William Leon Clark (March 21, 1911 – March 19, 2005) was Deputy Chief of Chaplains of the United States Air Force.

He was born in Scott County, Mississippi on March 21, 1911 and grew up in Hattiesburg and Petal. He attended Pearl River Community College, Mississippi College, Southwestern Baptist Theological Seminary and New Orleans Baptist Theological Seminary and became an ordained Baptist pastor.

==Military career==
Clark originally joined the United States Army in 1941. During World War II, he served with the Third Air Force, Fifth Air Force and V Bomber Command. He left active duty following the war.
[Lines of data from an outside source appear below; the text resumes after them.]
(* Let $A\in\mathbb{C}^{p\times p}$ and $C\in\mathbb{C}^{q\times q}$ be Hermitian positive semidefinite, $B\in\mathbb{C}^{p\times q}$, and $H=\begin{bmatrix} A & B\\ B^* & -C\end{bmatrix}$. Decompose $\mathbb{C}^p=\mathcal{R}(A)\oplus\mathcal{N}(A)$ and $\mathbb{C}^q=\mathcal{R}(C)\oplus\mathcal{N}(C)$ (orthogonal decompositions into range and null-space). Let $A_1$ be the restriction of $A$ to $\mathcal{R}(A)$ and $C_1$ the restriction of $C$ to $\mathcal{R}(C)$ (these are positive definite), and write $B$ in block form with respect to these decompositions, \[ B=\begin{bmatrix} B_{11} & B_{12}\\ B_{21} & B_{22}\end{bmatrix}, \] where $B_{11}:\mathcal{R}(C)\to\mathcal{R}(A)$, $B_{12}:\mathcal{N}(C)\to\mathcal{R}(A)$, $B_{21}:\mathcal{R}(C)\to\mathcal{N}(A)$, $B_{22}:\mathcal{N}(C)\to\mathcal{N}(A)$ are the corresponding compressions of $B$. Assume that $\dim\mathcal{N}(A)=\dim\mathcal{N}(C)$ and that $B_{22}$ is nonsingular. Then $(-\epsilon,\epsilon)\cap\sigma(H)=\emptyset$, where \[ \epsilon=\frac{1}{\bigl(1+\max\{\|B_{12}B_{22}^{-1}\|,\ \|B_{21}^*B_{22}^{-*}\|\}\bigr)^2\ \max\{\|A_1^{-1}\|,\ \|C_1^{-1}\|,\ \|B_{22}^{-1}\|\}}. \]
   Context: $\mathcal{R}$ and $\mathcal{N}$ denote range and null-space, $\sigma$ the spectrum, $\|\cdot\|$ the spectral norm, and $B_{22}^{-*}=(B_{22}^{-1})^*$. *)

From HB Require Import structures.
From mathcomp Require Import all_boot all_order all_algebra.
From mathcomp Require Import boolp classical_sets reals.
From mathcomp Require Import complex.
Set Implicit Arguments. Unset Strict Implicit. Unset Printing Implicit Defensive.
Import Order.TTheory GRing.Theory Num.Theory.
Local Open Scope ring_scope.

Definition ctrmx (R : rcfType) (m n : nat) (M : 'M[R[i]]_(m, n)) : 'M[R[i]]_(n, m) :=
  (map_mx (fun z : R[i] => z^*) M)^T.

(* Hermitian positive semidefinite: M^* = M and x^* M x >= 0 for all x
   (the order on R[i] means "real and nonnegative"). *)
Definition hpsd (R : rcfType) (n : nat) (M : 'M[R[i]]_n) : Prop :=
  ctrmx M = M /\ forall x : 'cV[R[i]]_n, 0 <= (ctrmx x *m M *m x) ord0 ord0.

Definition vnorm (R : rcfType) (n : nat) (x : 'cV[R[i]]_n) : R :=
  Num.sqrt (\sum_(k < n) (ComplexField.Normc.normc (x k ord0)) ^+ 2).

(* Spectral (operator 2-)norm: sup of ||M x|| over unit vectors x
   (equal to 0 for matrices with no columns, sup of the empty set). *)
Definition specnorm (R : realType) (m n : nat) (M : 'M[R[i]]_(m, n)) : R :=
  sup [set vnorm (M *m x) | x in [set x : 'cV[R[i]]_n | vnorm x = 1]].

From HB Require Import structures.
From mathcomp Require Import all_boot all_order all_algebra.
From mathcomp Require Import boolp classical_sets reals.
From mathcomp Require Import complex.
From mathcomp Require Import ring lra.
Set Implicit Arguments. Unset Strict Implicit. Unset Printing Implicit Defensive.
Import Order.TTheory GRing.Theory Num.Theory.
Local Open Scope ring_scope.

(* Let H w = x w with w <> 0 and x real. In the coordinates a, b, c, d of w
   along U1, U2, V1, V2 the equation splits into four block equations.
   Eliminating B12 and B21^* with X = B12 B22^-1 and Y = B21^* B22^-* leaves
   the saddle system [A1 T; T^* -C1] (a; c) = x (a - X b; c - Y d), whose
   real energy a^* A1 a + c^* C1 c is at most |x| (|a| |a - X b| + |c| |c - Y d|),
   and B22^* (b + X^* a) = x d, B22 (d + Y^* c) = x b. Positive definiteness of
   A1, C1 bounds |a|^2 + |c|^2 by that energy; chaining the estimates gives
   |(a, c, b + X^* a, d + Y^* c)|^2 <= rho^2 |(a, c, b + X^* a, d + Y^* c)|^2
   with rho = |x| alpha (1 + gamma)^2 < 1, where alpha and gamma are the two
   maxima in eps; so all coordinates vanish. *)

Section InnerProduct.
Variable R : rcfType.
Local Notation C := R[i].
Local Notation normc := (@ComplexField.Normc.normc R).

Definition dot n (x y : 'cV[C]_n) : C := \sum_k (x k ord0)^* * y k ord0.

Lemma dotE n (x y : 'cV[C]_n) : (ctrmx x *m y) ord0 ord0 = dot x y.
Proof. by rewrite mxE; apply: eq_bigr => k _; rewrite !mxE. Qed.

Lemma ctrmx_mul m n p (M : 'M[C]_(m, n)) (N : 'M[C]_(n, p)) :
  ctrmx (M *m N) = ctrmx N *m ctrmx M.
Proof. by rewrite /ctrmx map_mxM trmx_mul. Qed.

Lemma ctrmxK m n (M : 'M[C]_(m, n)) : ctrmx (ctrmx M) = M.
Proof. by apply/matrixP => i j; rewrite !mxE conjCK. Qed.

Lemma ctrmxD m n (M N : 'M[C]_(m, n)) : ctrmx (M + N) = ctrmx M + ctrmx N.
Proof. by apply/matrixP => i j; rewrite !mxE rmorphD. Qed.

Lemma ctrmxN m n (M : 'M[C]_(m, n)) : ctrmx (- M) = - ctrmx M.
Proof. by apply/matrixP => i j; rewrite !mxE rmorphN. Qed.

Lemma ctrmxZ m n a (M : 'M[C]_(m, n)) : ctrmx (a *: M) = a^* *: ctrmx M.
Proof. by apply/matrixP => i j; rewrite !mxE rmorphM. Qed.

Lemma ctrmx0 m n : ctrmx (0 : 'M[C]_(m, n)) = 0.
Proof. by apply/matrixP => i j; rewrite !mxE conjC0. Qed.

Lemma ctrmx1 n : ctrmx (1%:M : 'M[C]_n) = 1%:M.
Proof. by rewrite /ctrmx map_mx1 trmx1. Qed.

Lemma ctrmx_inv n (M : 'M[C]_n) : ctrmx (invmx M) = invmx (ctrmx M).
Proof. by rewrite /ctrmx map_invmx trmx_inv. Qed.

Lemma ctrmx_unit n (M : 'M[C]_n) : (ctrmx M \in unitmx) = (M \in unitmx).
Proof. by rewrite /ctrmx unitmx_tr map_unitmx. Qed.

Lemma ctrmx_row_mx p r m (U1 : 'M[C]_(p, r)) (U2 : 'M[C]_(p, m)) :
  ctrmx (row_mx U1 U2) = col_mx (ctrmx U1) (ctrmx U2).
Proof. by rewrite /ctrmx map_row_mx tr_row_mx. Qed.

Lemma ctrmx_block_mx m1 m2 n1 n2 (a : 'M[C]_(m1, n1)) (b : 'M[C]_(m1, n2))
    (c : 'M[C]_(m2, n1)) (d : 'M[C]_(m2, n2)) :
  ctrmx (block_mx a b c d) = block_mx (ctrmx a) (ctrmx c) (ctrmx b) (ctrmx d).
Proof. by rewrite /ctrmx map_block_mx tr_block_mx. Qed.

Lemma conj_real (r : R) : (r%:C)%C^* = (r%:C)%C.
Proof. by apply: conj_Creal; rewrite complex_real. Qed.

Lemma conj_ge0 (z : C) : 0 <= z -> z^* = z.
Proof. by move=> z0; rewrite conj_Creal // ger0_real. Qed.

Lemma dotDl n (x y z : 'cV[C]_n) : dot (x + y) z = dot x z + dot y z.
Proof. by rewrite /dot -big_split; apply: eq_bigr => k _; rewrite !mxE rmorphD mulrDl. Qed.

Lemma dotDr n (x y z : 'cV[C]_n) : dot x (y + z) = dot x y + dot x z.
Proof. by rewrite /dot -big_split; apply: eq_bigr => k _; rewrite !mxE mulrDr. Qed.

Lemma dotZl n a (x y : 'cV[C]_n) : dot (a *: x) y = a^* * dot x y.
Proof. by rewrite /dot big_distrr; apply: eq_bigr => k _; rewrite !mxE rmorphM -mulrA. Qed.

Lemma dotZr n a (x y : 'cV[C]_n) : dot x (a *: y) = a * dot x y.
Proof. by rewrite /dot big_distrr; apply: eq_bigr => k _; rewrite !mxE mulrCA. Qed.

Lemma dotNr n (x y : 'cV[C]_n) : dot x (- y) = - dot x y.
Proof. by rewrite -scaleN1r dotZr mulN1r. Qed.

Lemma dotC n (x y : 'cV[C]_n) : dot y x = (dot x y)^*.
Proof. by rewrite /dot rmorph_sum; apply: eq_bigr => k _; rewrite rmorphM /= conjCK mulrC. Qed.

Lemma dot_mulmxr m n (M : 'M[C]_(m, n)) (x : 'cV[C]_m) (y : 'cV[C]_n) :
  dot x (M *m y) = dot (ctrmx M *m x) y.
Proof. by rewrite -!dotE ctrmx_mul ctrmxK mulmxA. Qed.

Lemma hpsd_dot_ge0 n (M : 'M[C]_n) x : hpsd M -> 0 <= dot x (M *m x).
Proof. by case=> _ /(_ x); rewrite -mulmxA dotE. Qed.

Lemma hpsd1 n : hpsd (1%:M : 'M[C]_n).
Proof.
split=> [|x]; first exact: ctrmx1.
by rewrite mulmx1 dotE /dot sumr_ge0 // => k _; rewrite mulrC -normCK exprn_ge0.
Qed.

Lemma normcE (z : C) : `|z| = ((normc z)%:C)%C.
Proof. by []. Qed.

Lemma sqr_vnormC n (x : 'cV[C]_n) : ((vnorm x ^+ 2)%:C)%C = dot x x.
Proof.
rewrite sqr_sqrtr ?sumr_ge0 // => [|k _]; last exact: sqr_ge0.
rewrite rmorph_sum; apply: eq_bigr => k _.
by rewrite rmorphXn /= -normcE normCK mulrC.
Qed.

Lemma vnorm_ge0 n (x : 'cV[C]_n) : 0 <= vnorm x.
Proof. exact: sqrtr_ge0. Qed.

Lemma normc_ge0 (z : C) : 0 <= normc z.
Proof. by case: z => a b; apply: sqrtr_ge0. Qed.

Lemma normc_real (r : R) : normc (r%:C)%C = `|r|.
Proof. by rewrite /= expr0n /= addr0 sqrtr_sqr. Qed.

Lemma ger0_normcE (z : C) : 0 <= z -> ((normc z)%:C)%C = z.
Proof. exact: ger0_norm. Qed.

Lemma dotxx_eq0 n (x : 'cV[C]_n) : dot x x = 0 -> x = 0.
Proof.
rewrite /dot => /eqP; rewrite psumr_eq0 => [/allP x0|k _]; last first.
  by rewrite mulrC -normCK exprn_ge0.
apply/matrixP => k j; rewrite (ord1 j) mxE; apply/eqP.
by have := x0 k (mem_index_enum _); rewrite mulrC -normCK expf_eq0 /= normr_eq0.
Qed.

Lemma hpsd_cauchy_schwarz n (M : 'M[C]_n) x y : hpsd M ->
  `|dot x (M *m y)| ^+ 2 <= dot x (M *m x) * dot y (M *m y).
Proof.
move=> hM; have psd z := hpsd_dot_ge0 z hM.
set p := dot x (M *m x); set q := dot y (M *m y); set z := dot x (M *m y).
have zC : dot y (M *m x) = z^* by rewrite dot_mulmxr hM.1 dotC.
have key t : 0 <= p + t * z + t^* * z^* + t^* * t * q.
  have := psd (x + t *: y).
  by rewrite mulmxDr -scalemxAr !dotDl !dotDr !dotZl !dotZr zC !addrA mulrA.
rewrite normCK; have [q0|q_gt0] := eqVneq q 0.
  have [->|z_neq0] := eqVneq z 0; first by rewrite mul0r q0 mulr0.
  have zz_gt0 : 0 < z * z^* by rewrite -normCK exprn_gt0 // normr_gt0.
  pose c := (p + 1) / (z * z^*).
  have cC : c^* = c by apply/conj_ge0/divr_ge0; [exact: addr_ge0 (psd x) ler01 | exact: ltW].
  have := key (- c * z^*).
  rewrite q0 mulr0 addr0 rmorphM rmorphN /= conjCK cC.
  have -> : p + - c * z^* * z + - c * z * z^* = p - 2 * (c * (z * z^*)) by ring.
  rewrite /c -mulrA mulVf ?gt_eqF // mulr1.
  have -> : p - 2 * (p + 1) = - (p + 2) by ring.
  by rewrite oppr_ge0 => /(lt_le_trans (ltr_wpDl (psd x) (ltr0Sn _ 1))); rewrite ltxx.
have {q_gt0}q_gt0 : 0 < q by rewrite lt_def q_gt0 psd.
have qC : q^* = q by apply/conj_ge0/ltW.
have := key (- z^* / q).
rewrite rmorphM rmorphN /= conjCK rmorphV /= ?qC ?unitfE ?gt_eqF //.
have -> : p + - z^* / q * z + - z / q * z^* + - z / q * (- z^* / q) * q
          = p - z * z^* / q by field; rewrite gt_eqF.
by rewrite subr_ge0 ler_pdivrMr // mulrC.
Qed.

Lemma normc_dot_le n (x y : 'cV[C]_n) : normc (dot x y) <= vnorm x * vnorm y.
Proof.
have := hpsd_cauchy_schwarz x y (hpsd1 n).
rewrite !mul1mx -!sqr_vnormC normcE -!rmorphXn -rmorphM /= lecR.
by rewrite -exprMn ler_pXn2r ?nnegrE ?mulr_ge0 ?vnorm_ge0 ?normc_ge0.
Qed.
In 1951, he was re-called to active duty in the United States Air Force during the Korean War. Following the war, he was assigned to the Office of the United States Secretary of Defense as executive director of the Armed Forces Chaplains Board. Later, he was assigned to the Office of the Chief of Chaplains of the United States Air Force as chief of the Personnel Division.

He was promoted to brigadier general and was named Deputy Chief of Chaplains in 1966. Later, he became Command Chaplain of the United States Southern Command. Clark's retirement was effective as of January 1, 1970.

==Later life==
Clark died on March 19, 2005 and was interred at Hillcrest Cemetery in Petal, Mississippi.